Stored data entries:
· · ·

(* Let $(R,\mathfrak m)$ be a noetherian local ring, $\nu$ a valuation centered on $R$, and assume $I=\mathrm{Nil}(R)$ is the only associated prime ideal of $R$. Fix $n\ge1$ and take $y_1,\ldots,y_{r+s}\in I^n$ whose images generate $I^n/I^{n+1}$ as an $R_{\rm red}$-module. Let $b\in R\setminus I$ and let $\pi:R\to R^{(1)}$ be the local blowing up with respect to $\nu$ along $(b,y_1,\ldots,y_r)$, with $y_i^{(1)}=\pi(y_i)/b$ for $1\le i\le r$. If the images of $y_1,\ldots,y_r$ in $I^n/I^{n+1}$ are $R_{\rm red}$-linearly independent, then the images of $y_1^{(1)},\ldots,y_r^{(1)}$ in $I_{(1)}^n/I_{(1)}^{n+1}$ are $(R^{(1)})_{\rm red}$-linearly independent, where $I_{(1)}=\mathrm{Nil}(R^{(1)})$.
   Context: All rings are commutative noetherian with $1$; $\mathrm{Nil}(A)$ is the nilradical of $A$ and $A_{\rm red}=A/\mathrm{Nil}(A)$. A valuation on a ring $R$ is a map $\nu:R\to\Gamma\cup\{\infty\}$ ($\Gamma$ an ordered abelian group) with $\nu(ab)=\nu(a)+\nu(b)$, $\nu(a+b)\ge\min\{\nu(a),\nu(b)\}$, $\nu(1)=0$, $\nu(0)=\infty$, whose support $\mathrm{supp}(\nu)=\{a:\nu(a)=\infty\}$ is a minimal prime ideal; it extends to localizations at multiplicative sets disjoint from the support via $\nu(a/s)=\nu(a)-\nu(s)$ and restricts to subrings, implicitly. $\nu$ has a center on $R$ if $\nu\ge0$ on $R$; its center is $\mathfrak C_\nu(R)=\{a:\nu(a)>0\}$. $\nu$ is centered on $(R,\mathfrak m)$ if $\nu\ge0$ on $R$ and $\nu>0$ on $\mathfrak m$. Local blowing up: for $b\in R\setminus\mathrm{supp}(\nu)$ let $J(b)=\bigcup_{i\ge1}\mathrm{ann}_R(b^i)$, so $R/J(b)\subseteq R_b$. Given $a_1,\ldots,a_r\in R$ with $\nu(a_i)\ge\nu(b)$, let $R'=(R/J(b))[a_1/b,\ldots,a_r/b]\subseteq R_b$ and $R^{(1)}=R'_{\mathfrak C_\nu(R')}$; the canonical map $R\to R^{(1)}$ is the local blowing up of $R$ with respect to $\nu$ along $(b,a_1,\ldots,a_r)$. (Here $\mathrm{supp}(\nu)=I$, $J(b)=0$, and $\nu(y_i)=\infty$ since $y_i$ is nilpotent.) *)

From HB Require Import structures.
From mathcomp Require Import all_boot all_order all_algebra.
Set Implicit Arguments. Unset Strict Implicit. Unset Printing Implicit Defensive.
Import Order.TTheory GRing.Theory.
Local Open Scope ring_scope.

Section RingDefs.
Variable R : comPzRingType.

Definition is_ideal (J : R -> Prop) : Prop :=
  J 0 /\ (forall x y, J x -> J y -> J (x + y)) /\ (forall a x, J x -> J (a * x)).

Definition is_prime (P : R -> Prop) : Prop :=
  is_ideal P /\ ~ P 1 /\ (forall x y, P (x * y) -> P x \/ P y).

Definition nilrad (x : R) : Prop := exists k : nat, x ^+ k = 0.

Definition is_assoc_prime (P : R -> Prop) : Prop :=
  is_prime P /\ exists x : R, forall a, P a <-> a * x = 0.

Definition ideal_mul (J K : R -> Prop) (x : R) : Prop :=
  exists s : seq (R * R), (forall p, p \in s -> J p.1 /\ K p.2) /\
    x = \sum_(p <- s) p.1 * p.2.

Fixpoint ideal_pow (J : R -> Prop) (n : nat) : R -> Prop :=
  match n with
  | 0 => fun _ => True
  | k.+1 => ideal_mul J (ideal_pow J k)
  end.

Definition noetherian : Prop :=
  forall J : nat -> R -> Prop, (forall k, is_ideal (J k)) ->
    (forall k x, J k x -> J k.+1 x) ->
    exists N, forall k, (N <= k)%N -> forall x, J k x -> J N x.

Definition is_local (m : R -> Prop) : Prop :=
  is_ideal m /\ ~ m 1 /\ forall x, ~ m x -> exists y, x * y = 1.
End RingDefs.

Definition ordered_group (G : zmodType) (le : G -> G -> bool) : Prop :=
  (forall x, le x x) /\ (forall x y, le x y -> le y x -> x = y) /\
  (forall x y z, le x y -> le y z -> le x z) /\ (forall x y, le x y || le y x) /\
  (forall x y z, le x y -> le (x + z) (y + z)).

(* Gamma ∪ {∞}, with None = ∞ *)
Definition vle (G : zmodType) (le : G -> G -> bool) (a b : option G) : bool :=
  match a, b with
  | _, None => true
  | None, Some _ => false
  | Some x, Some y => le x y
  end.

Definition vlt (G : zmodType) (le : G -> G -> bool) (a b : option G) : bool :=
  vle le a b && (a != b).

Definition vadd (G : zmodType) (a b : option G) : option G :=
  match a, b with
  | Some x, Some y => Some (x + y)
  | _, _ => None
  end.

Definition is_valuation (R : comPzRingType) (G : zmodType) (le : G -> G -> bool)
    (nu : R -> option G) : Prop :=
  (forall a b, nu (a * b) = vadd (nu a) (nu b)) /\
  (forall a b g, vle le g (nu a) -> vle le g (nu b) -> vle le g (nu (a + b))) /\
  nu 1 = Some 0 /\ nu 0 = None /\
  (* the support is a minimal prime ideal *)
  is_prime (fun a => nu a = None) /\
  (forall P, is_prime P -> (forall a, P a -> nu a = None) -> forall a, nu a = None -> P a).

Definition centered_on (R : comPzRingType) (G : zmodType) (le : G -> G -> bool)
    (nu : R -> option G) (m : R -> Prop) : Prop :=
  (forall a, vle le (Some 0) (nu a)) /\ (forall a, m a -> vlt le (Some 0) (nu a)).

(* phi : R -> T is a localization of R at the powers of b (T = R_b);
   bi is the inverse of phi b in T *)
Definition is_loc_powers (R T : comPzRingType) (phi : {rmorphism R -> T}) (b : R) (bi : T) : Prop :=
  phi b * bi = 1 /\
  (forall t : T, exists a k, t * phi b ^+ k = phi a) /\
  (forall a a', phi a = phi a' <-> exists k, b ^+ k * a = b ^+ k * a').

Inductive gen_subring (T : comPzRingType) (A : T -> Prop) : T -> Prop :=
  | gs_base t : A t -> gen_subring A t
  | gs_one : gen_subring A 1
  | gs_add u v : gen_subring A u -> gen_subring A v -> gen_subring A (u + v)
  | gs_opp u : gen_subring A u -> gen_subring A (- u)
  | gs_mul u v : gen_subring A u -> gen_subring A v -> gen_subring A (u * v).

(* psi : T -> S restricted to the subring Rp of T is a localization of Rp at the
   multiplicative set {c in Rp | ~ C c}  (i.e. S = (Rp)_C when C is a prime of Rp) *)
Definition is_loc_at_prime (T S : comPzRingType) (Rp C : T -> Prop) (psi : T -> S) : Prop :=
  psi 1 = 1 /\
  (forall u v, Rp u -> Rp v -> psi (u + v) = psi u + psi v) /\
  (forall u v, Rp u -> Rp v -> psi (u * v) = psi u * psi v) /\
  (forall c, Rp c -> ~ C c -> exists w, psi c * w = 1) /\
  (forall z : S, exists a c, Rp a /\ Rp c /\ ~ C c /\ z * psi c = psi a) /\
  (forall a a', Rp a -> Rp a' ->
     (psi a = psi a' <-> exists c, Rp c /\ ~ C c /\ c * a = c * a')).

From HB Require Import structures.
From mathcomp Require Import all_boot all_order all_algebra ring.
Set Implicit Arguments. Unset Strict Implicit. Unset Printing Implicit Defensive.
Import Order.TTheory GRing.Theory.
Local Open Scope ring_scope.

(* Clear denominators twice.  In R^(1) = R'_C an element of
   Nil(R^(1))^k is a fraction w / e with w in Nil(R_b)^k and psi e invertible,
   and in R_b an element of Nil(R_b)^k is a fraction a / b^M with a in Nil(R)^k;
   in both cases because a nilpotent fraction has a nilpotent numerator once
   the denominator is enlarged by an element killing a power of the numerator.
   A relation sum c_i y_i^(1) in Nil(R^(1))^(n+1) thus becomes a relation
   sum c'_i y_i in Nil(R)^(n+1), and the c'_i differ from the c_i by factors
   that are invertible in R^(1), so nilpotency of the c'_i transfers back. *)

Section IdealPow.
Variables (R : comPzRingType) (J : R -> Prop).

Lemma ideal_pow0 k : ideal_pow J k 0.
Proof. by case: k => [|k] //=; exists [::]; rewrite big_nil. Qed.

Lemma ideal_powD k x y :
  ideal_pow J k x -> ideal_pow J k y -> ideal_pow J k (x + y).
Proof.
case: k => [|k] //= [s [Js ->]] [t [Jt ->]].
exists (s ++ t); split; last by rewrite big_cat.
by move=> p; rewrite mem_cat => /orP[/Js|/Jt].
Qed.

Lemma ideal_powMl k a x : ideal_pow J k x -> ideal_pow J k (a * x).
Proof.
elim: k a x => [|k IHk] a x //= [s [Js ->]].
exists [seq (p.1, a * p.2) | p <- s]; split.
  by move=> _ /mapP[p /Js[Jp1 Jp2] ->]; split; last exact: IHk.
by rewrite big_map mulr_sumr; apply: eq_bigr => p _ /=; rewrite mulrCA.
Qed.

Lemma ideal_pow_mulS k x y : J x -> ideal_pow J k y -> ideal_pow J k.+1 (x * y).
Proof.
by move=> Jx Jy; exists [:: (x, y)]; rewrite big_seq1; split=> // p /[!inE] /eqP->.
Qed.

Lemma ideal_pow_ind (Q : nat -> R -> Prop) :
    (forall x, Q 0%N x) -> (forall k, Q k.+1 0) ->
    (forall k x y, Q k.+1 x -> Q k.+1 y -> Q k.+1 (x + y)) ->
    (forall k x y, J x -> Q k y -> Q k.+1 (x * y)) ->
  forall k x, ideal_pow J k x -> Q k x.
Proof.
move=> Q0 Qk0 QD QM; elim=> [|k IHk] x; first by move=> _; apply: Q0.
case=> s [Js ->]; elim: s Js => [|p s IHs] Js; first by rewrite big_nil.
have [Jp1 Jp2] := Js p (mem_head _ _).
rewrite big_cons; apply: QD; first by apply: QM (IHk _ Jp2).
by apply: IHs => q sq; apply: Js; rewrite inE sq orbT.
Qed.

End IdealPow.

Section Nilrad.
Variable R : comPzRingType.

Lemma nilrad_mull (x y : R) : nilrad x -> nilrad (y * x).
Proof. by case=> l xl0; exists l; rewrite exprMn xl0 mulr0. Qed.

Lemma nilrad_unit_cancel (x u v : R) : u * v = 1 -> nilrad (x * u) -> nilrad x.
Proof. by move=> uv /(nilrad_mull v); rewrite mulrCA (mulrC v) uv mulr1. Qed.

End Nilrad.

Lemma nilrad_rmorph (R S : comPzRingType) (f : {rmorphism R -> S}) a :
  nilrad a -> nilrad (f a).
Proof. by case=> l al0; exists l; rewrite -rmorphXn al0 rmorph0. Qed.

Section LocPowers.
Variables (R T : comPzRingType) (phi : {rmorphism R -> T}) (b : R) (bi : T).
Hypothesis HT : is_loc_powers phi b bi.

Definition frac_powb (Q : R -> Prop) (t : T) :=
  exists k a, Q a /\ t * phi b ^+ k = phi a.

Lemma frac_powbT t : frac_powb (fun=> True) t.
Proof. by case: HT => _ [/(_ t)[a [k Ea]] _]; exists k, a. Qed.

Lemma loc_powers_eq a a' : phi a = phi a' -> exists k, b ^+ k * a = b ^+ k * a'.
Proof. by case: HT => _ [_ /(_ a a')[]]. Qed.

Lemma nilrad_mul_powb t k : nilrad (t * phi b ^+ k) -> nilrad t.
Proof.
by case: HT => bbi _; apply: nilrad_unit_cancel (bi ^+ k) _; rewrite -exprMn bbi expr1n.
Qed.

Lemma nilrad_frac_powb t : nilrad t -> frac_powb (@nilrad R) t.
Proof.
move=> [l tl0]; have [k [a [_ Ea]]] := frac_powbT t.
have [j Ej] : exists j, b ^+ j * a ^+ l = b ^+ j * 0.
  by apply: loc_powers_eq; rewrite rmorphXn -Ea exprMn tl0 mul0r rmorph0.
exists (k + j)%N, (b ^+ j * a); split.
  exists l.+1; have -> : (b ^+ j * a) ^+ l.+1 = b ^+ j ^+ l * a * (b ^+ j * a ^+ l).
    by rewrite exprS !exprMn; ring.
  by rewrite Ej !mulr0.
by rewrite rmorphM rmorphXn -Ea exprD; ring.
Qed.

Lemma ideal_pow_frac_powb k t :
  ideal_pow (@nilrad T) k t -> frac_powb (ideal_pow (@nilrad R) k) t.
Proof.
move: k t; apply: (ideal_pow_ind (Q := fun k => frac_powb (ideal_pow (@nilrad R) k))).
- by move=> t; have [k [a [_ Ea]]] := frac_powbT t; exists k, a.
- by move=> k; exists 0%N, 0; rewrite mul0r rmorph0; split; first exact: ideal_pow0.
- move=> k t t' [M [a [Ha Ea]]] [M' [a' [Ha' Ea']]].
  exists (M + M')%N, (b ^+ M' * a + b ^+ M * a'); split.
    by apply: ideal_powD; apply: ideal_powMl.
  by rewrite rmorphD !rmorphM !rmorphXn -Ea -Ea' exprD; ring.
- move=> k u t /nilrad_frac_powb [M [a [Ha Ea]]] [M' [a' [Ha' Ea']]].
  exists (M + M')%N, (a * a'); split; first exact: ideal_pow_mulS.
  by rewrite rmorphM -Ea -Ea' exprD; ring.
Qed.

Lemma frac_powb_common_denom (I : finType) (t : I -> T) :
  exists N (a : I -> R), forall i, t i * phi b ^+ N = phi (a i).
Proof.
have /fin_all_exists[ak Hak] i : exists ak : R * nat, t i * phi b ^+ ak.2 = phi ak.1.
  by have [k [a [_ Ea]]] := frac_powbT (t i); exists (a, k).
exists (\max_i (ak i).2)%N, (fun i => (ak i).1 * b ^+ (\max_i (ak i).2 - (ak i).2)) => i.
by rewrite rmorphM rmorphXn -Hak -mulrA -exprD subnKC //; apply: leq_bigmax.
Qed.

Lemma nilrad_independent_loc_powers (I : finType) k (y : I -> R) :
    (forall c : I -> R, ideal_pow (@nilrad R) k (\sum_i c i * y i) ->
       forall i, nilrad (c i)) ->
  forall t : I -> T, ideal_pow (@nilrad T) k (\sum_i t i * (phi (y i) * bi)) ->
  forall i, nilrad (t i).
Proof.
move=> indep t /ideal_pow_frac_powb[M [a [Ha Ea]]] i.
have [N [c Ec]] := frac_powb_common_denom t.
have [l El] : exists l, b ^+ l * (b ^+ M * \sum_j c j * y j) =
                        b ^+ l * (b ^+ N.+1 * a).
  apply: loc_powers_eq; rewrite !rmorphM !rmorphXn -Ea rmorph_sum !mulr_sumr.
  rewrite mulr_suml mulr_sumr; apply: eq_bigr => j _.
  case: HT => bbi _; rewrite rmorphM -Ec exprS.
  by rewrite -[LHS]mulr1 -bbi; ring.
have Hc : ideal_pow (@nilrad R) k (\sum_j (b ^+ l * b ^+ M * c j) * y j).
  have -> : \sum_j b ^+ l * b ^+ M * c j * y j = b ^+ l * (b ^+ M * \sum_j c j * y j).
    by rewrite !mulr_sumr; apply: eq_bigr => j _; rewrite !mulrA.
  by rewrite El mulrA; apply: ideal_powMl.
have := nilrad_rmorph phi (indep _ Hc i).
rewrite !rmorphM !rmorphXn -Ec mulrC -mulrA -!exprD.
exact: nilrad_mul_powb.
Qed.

· · ·

## YOUR INSTRUCTIONS
Proceeding from the line containing "by apply: loc_powers_eq;" through the line containing "have /fin_all_exists[ak Hak]", transcribe the lines above exactly, both end lines included.

## ANSWER SECTION
  by apply: loc_powers_eq; rewrite rmorphXn -Ea exprMn tl0 mul0r rmorph0.
exists (k + j)%N, (b ^+ j * a); split.
  exists l.+1; have -> : (b ^+ j * a) ^+ l.+1 = b ^+ j ^+ l * a * (b ^+ j * a ^+ l).
    by rewrite exprS !exprMn; ring.
  by rewrite Ej !mulr0.
by rewrite rmorphM rmorphXn -Ea exprD; ring.
Qed.

Lemma ideal_pow_frac_powb k t :
  ideal_pow (@nilrad T) k t -> frac_powb (ideal_pow (@nilrad R) k) t.
Proof.
move: k t; apply: (ideal_pow_ind (Q := fun k => frac_powb (ideal_pow (@nilrad R) k))).
- by move=> t; have [k [a [_ Ea]]] := frac_powbT t; exists k, a.
- by move=> k; exists 0%N, 0; rewrite mul0r rmorph0; split; first exact: ideal_pow0.
- move=> k t t' [M [a [Ha Ea]]] [M' [a' [Ha' Ea']]].
  exists (M + M')%N, (b ^+ M' * a + b ^+ M * a'); split.
    by apply: ideal_powD; apply: ideal_powMl.
  by rewrite rmorphD !rmorphM !rmorphXn -Ea -Ea' exprD; ring.
- move=> k u t /nilrad_frac_powb [M [a [Ha Ea]]] [M' [a' [Ha' Ea']]].
  exists (M + M')%N, (a * a'); split; first exact: ideal_pow_mulS.
  by rewrite rmorphM -Ea -Ea' exprD; ring.
Qed.

Lemma frac_powb_common_denom (I : finType) (t : I -> T) :
  exists N (a : I -> R), forall i, t i * phi b ^+ N = phi (a i).
Proof.
have /fin_all_exists[ak Hak] i : exists ak : R * nat, t i * phi b ^+ ak.2 = phi ak.1.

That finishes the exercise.